Stored data:

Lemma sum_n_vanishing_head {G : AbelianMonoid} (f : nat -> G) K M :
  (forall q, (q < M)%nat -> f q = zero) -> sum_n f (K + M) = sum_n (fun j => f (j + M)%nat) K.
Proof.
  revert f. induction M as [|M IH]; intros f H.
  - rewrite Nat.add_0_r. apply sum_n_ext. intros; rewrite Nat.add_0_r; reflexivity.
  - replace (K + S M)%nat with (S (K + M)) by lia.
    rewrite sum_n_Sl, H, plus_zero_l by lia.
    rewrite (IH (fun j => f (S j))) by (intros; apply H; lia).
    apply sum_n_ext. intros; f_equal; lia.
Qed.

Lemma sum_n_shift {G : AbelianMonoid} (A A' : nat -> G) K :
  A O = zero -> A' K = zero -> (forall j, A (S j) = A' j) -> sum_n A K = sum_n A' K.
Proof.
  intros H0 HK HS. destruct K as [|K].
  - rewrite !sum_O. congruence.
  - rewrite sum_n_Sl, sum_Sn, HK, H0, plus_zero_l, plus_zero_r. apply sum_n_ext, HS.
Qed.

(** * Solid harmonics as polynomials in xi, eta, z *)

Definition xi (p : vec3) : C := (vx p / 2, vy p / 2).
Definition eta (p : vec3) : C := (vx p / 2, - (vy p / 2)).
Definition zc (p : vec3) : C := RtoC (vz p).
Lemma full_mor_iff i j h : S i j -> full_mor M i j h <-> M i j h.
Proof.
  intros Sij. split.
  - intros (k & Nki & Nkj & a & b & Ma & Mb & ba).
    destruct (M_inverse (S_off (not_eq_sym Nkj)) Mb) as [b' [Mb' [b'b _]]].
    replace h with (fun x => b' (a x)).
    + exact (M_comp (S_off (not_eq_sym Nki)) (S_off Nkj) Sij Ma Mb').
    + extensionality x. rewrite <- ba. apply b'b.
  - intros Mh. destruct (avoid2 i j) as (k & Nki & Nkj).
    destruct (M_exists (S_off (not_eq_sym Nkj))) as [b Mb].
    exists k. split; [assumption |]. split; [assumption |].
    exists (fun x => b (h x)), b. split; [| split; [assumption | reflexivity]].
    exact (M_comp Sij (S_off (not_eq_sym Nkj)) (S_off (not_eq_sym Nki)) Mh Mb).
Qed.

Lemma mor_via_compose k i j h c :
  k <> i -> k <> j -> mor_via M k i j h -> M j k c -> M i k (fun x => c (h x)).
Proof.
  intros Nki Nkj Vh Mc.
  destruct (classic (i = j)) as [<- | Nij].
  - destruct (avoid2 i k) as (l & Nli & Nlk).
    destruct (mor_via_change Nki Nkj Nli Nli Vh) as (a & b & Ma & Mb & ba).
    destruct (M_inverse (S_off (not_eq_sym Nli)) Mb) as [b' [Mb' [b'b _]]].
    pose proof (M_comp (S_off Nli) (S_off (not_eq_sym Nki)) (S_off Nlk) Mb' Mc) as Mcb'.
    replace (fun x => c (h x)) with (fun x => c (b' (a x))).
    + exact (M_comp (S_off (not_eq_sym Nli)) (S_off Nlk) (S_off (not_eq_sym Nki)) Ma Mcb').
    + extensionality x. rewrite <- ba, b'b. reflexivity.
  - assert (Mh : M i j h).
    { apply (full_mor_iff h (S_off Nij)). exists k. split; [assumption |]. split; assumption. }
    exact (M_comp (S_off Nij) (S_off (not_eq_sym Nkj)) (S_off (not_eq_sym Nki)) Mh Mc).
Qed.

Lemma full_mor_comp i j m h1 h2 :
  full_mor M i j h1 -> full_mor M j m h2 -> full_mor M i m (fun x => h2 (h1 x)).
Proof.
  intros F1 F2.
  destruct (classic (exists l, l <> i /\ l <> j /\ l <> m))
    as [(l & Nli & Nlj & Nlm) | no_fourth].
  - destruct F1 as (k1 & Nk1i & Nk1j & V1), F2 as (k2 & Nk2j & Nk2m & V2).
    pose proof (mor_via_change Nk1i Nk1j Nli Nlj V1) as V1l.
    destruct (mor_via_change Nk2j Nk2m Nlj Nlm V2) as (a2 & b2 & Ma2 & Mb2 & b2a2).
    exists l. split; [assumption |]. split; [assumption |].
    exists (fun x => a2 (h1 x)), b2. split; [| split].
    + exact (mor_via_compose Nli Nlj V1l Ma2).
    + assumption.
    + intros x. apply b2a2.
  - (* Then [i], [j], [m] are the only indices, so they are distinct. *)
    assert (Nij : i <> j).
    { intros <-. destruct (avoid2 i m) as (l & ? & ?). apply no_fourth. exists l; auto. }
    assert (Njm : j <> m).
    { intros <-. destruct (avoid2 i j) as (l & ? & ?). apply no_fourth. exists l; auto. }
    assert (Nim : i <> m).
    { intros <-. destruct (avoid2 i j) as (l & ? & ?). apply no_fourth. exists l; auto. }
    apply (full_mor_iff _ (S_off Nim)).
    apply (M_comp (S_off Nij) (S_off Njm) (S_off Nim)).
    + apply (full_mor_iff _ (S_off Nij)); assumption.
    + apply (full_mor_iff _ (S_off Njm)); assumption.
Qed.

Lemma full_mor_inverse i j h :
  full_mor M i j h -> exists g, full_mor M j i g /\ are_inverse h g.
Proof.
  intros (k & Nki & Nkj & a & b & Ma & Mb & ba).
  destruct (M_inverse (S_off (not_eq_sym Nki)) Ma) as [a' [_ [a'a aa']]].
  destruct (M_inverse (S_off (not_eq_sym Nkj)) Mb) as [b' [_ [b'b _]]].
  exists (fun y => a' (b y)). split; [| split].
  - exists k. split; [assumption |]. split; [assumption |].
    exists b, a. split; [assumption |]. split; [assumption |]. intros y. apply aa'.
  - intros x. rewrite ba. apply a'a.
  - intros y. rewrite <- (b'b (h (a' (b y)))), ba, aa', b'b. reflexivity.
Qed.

* _Problem to solve_: The answer must be every line from the entries above that holds the string "assert".

* _Task solution_:
  - assert (Mh : M i j h).
    assert (Nij : i <> j).
    assert (Njm : j <> m).
    assert (Nim : i <> m).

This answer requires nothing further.